> [What to produce]:
Transcription should be exact. Include all entries.

> [Extracted information]:
(* The admissible values c for the extension to [z] form the interval
   [sup_s (f s - |s - z|), inf_s (|s + z| - f s)], nonempty by subadditivity. *)
Lemma dominated_extension_bound z : exists c,
  (forall s, S s -> f s + c <= `|s + z|) /\ (forall s, S s -> f s - c <= `|s - z|).
Proof.
pose E := [set f s - `|s - z| | s in S].
have E0 : E !=set0 by exists (f 0 - `|0 - z|), 0 => //; exact: dominated_sub0 fS.
have ubE s2 : S s2 -> ubound E (`|s2 + z| - f s2).
  move=> S2 _ [s1 S1 <-].
  have := dominated_le fS (dominatedD S1 S2); rewrite dominated_fD //.
  have := ler_normD (s1 - z) (s2 + z); rewrite [s2 + z]addrC addrA subrK.
  lra.
exists (sup E); split=> s Ss.
  by have := ge_sup E0 (ubE s Ss); lra.
have /(ub_le_sup (ex_intro _ _ (ubE 0 (dominated_sub0 fS)))) : E (f s - `|s - z|).
  by exists s.
lra.
Qed.

Lemma dominated_boundZ w d u s : (forall s, S s -> f s + d <= `|s + w|) ->
  0 < u -> S s -> f s + u * d <= `|s + u *: w|.
Proof.
move=> hw u0 Ss; have := hw _ (dominatedZ u^-1 Ss); rewrite dominated_fZ //.
have -> : s + u *: w = u *: (u^-1 *: s + w).
  by rewrite scalerDr scalerA divff ?gt_eqF // scale1r.
rewrite normrZ gtr0_norm // => /(ler_wpM2l (ltW u0)).
by rewrite mulrDr mulrA divff ?gt_eqF // mul1r.
Qed.

Lemma decomposition_unique z s1 s2 t1 t2 : ~ S z -> S s1 -> S s2 ->
  s1 + t1 *: z = s2 + t2 *: z -> s1 = s2 /\ t1 = t2.
Proof.
move=> nSz S1 S2 e; suff tt : t1 = t2 by split => //; move: e; rewrite tt => /addIr.
apply: contrapT => /eqP ne; apply: nSz.
have -> : z = (t1 - t2)^-1 *: (s2 - s1).
  have -> : s2 - s1 = (t1 - t2) *: z.
    by rewrite scalerBl -[s2](addrK (t2 *: z)) -e addrAC [s1 + _]addrC addrK.
  by rewrite scalerA mulVf ?scale1r // subr_eq0.
by apply: dominatedZ; apply: dominatedB.
Qed.

Lemma dominated_extend z c : ~ S z ->
  (forall s, S s -> f s + c <= `|s + z|) -> (forall s, S s -> f s - c <= `|s - z|) ->
  exists S' f', [/\ dominated S' f', extends (S, f) (S', f'), S' z & f' z = c].
Proof.
move=> nSz hp hm.
pose S' := [set x | exists s t, S s /\ x = s + t *: z].
pose dec x := xget (0, 0) [set p : X * R | S p.1 /\ x = p.1 + p.2 *: z].
pose f' x := f (dec x).1 + (dec x).2 * c.
have f'E s t : S s -> f' (s + t *: z) = f s + t * c.
  move=> Ss; rewrite /f'.
  have [] : [set p : X * R | S p.1 /\ s + t *: z = p.1 + p.2 *: z] (dec (s + t *: z)).
    by apply: xgetPex; exists (s, t).
  by case: (dec _) => s' t' /= Ss' /(decomposition_unique nSz Ss Ss') [-> ->].
have S'E a s1 t1 s2 t2 : a *: (s1 + t1 *: z) + (s2 + t2 *: z) =
    (a *: s1 + s2) + (a * t1 + t2) *: z.
  by rewrite scalerDr scalerDl scalerA -!addrA; congr (_ + _); rewrite addrCA.
have S0 := dominated_sub0 fS.
exists S', f'; split.
- constructor.
  + by exists 0, 0; rewrite scale0r addr0.
  + move=> a _ _ [s1 [t1 [S1 ->]]] [s2 [t2 [S2 ->]]].
    exists (a *: s1 + s2), (a * t1 + t2); rewrite S'E; split=> //.
    exact: (dominated_subP fS a S1 S2).
  + move=> a _ _ [s1 [t1 [S1 ->]]] [s2 [t2 [S2 ->]]].
    rewrite S'E !f'E //; last exact: (dominated_subP fS a S1 S2).
    by rewrite (dominated_linear fS a S1 S2); ring.
  + move=> _ [s [t [Ss ->]]]; rewrite f'E //.
    have [t0|t0|->] := ltgtP t 0; last
      by rewrite mul0r scale0r !addr0; exact: (dominated_le fS Ss).
    * have hm' s' : S s' -> f s' + - c <= `|s' + - z| by exact: hm.
      have u0 : 0 < - t by rewrite oppr_gt0.
      by have := dominated_boundZ hm' u0 Ss; rewrite !mulrNN scaleNr scalerN opprK.
    * exact: dominated_boundZ.
- by split=> [s Ss|s Ss /=];
    [exists s, 0 | rewrite -[s]addr0 -(scale0r z) f'E // mul0r]; rewrite ?scale0r ?addr0.
- by exists 0, 1; rewrite scale1r add0r.
- by rewrite -[z]add0r -[z]scale1r f'E // dominated_f0 mul1r add0r.
Qed.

> [Answer for the task]:
(* The admissible values c for the extension to [z] form the interval
   [sup_s (f s - |s - z|), inf_s (|s + z| - f s)], nonempty by subadditivity. *)
Lemma dominated_extension_bound z : exists c,
  (forall s, S s -> f s + c <= `|s + z|) /\ (forall s, S s -> f s - c <= `|s - z|).
Proof.
pose E := [set f s - `|s - z| | s in S].
have E0 : E !=set0 by exists (f 0 - `|0 - z|), 0 => //; exact: dominated_sub0 fS.
have ubE s2 : S s2 -> ubound E (`|s2 + z| - f s2).
  move=> S2 _ [s1 S1 <-].
  have := dominated_le fS (dominatedD S1 S2); rewrite dominated_fD //.
  have := ler_normD (s1 - z) (s2 + z); rewrite [s2 + z]addrC addrA subrK.
  lra.
exists (sup E); split=> s Ss.
  by have := ge_sup E0 (ubE s Ss); lra.
have /(ub_le_sup (ex_intro _ _ (ubE 0 (dominated_sub0 fS)))) : E (f s - `|s - z|).
  by exists s.
lra.
Qed.

Lemma dominated_boundZ w d u s : (forall s, S s -> f s + d <= `|s + w|) ->
  0 < u -> S s -> f s + u * d <= `|s + u *: w|.
Proof.
move=> hw u0 Ss; have := hw _ (dominatedZ u^-1 Ss); rewrite dominated_fZ //.
have -> : s + u *: w = u *: (u^-1 *: s + w).
  by rewrite scalerDr scalerA divff ?gt_eqF // scale1r.
rewrite normrZ gtr0_norm // => /(ler_wpM2l (ltW u0)).
by rewrite mulrDr mulrA divff ?gt_eqF // mul1r.
Qed.

Lemma decomposition_unique z s1 s2 t1 t2 : ~ S z -> S s1 -> S s2 ->
  s1 + t1 *: z = s2 + t2 *: z -> s1 = s2 /\ t1 = t2.
Proof.
move=> nSz S1 S2 e; suff tt : t1 = t2 by split => //; move: e; rewrite tt => /addIr.
apply: contrapT => /eqP ne; apply: nSz.
have -> : z = (t1 - t2)^-1 *: (s2 - s1).
  have -> : s2 - s1 = (t1 - t2) *: z.
    by rewrite scalerBl -[s2](addrK (t2 *: z)) -e addrAC [s1 + _]addrC addrK.
  by rewrite scalerA mulVf ?scale1r // subr_eq0.
by apply: dominatedZ; apply: dominatedB.
Qed.

Lemma dominated_extend z c : ~ S z ->
  (forall s, S s -> f s + c <= `|s + z|) -> (forall s, S s -> f s - c <= `|s - z|) ->
  exists S' f', [/\ dominated S' f', extends (S, f) (S', f'), S' z & f' z = c].
Proof.
move=> nSz hp hm.
pose S' := [set x | exists s t, S s /\ x = s + t *: z].
pose dec x := xget (0, 0) [set p : X * R | S p.1 /\ x = p.1 + p.2 *: z].
pose f' x := f (dec x).1 + (dec x).2 * c.
have f'E s t : S s -> f' (s + t *: z) = f s + t * c.
  move=> Ss; rewrite /f'.
  have [] : [set p : X * R | S p.1 /\ s + t *: z = p.1 + p.2 *: z] (dec (s + t *: z)).
    by apply: xgetPex; exists (s, t).
  by case: (dec _) => s' t' /= Ss' /(decomposition_unique nSz Ss Ss') [-> ->].
have S'E a s1 t1 s2 t2 : a *: (s1 + t1 *: z) + (s2 + t2 *: z) =
    (a *: s1 + s2) + (a * t1 + t2) *: z.
  by rewrite scalerDr scalerDl scalerA -!addrA; congr (_ + _); rewrite addrCA.
have S0 := dominated_sub0 fS.
exists S', f'; split.
- constructor.
  + by exists 0, 0; rewrite scale0r addr0.
  + move=> a _ _ [s1 [t1 [S1 ->]]] [s2 [t2 [S2 ->]]].
    exists (a *: s1 + s2), (a * t1 + t2); rewrite S'E; split=> //.
    exact: (dominated_subP fS a S1 S2).
  + move=> a _ _ [s1 [t1 [S1 ->]]] [s2 [t2 [S2 ->]]].
    rewrite S'E !f'E //; last exact: (dominated_subP fS a S1 S2).
    by rewrite (dominated_linear fS a S1 S2); ring.
  + move=> _ [s [t [Ss ->]]]; rewrite f'E //.
    have [t0|t0|->] := ltgtP t 0; last
      by rewrite mul0r scale0r !addr0; exact: (dominated_le fS Ss).
    * have hm' s' : S s' -> f s' + - c <= `|s' + - z| by exact: hm.
      have u0 : 0 < - t by rewrite oppr_gt0.
      by have := dominated_boundZ hm' u0 Ss; rewrite !mulrNN scaleNr scalerN opprK.
    * exact: dominated_boundZ.
- by split=> [s Ss|s Ss /=];
    [exists s, 0 | rewrite -[s]addr0 -(scale0r z) f'E // mul0r]; rewrite ?scale0r ?addr0.
- by exists 0, 1; rewrite scale1r add0r.
- by rewrite -[z]add0r -[z]scale1r f'E // dominated_f0 mul1r add0r.
Qed.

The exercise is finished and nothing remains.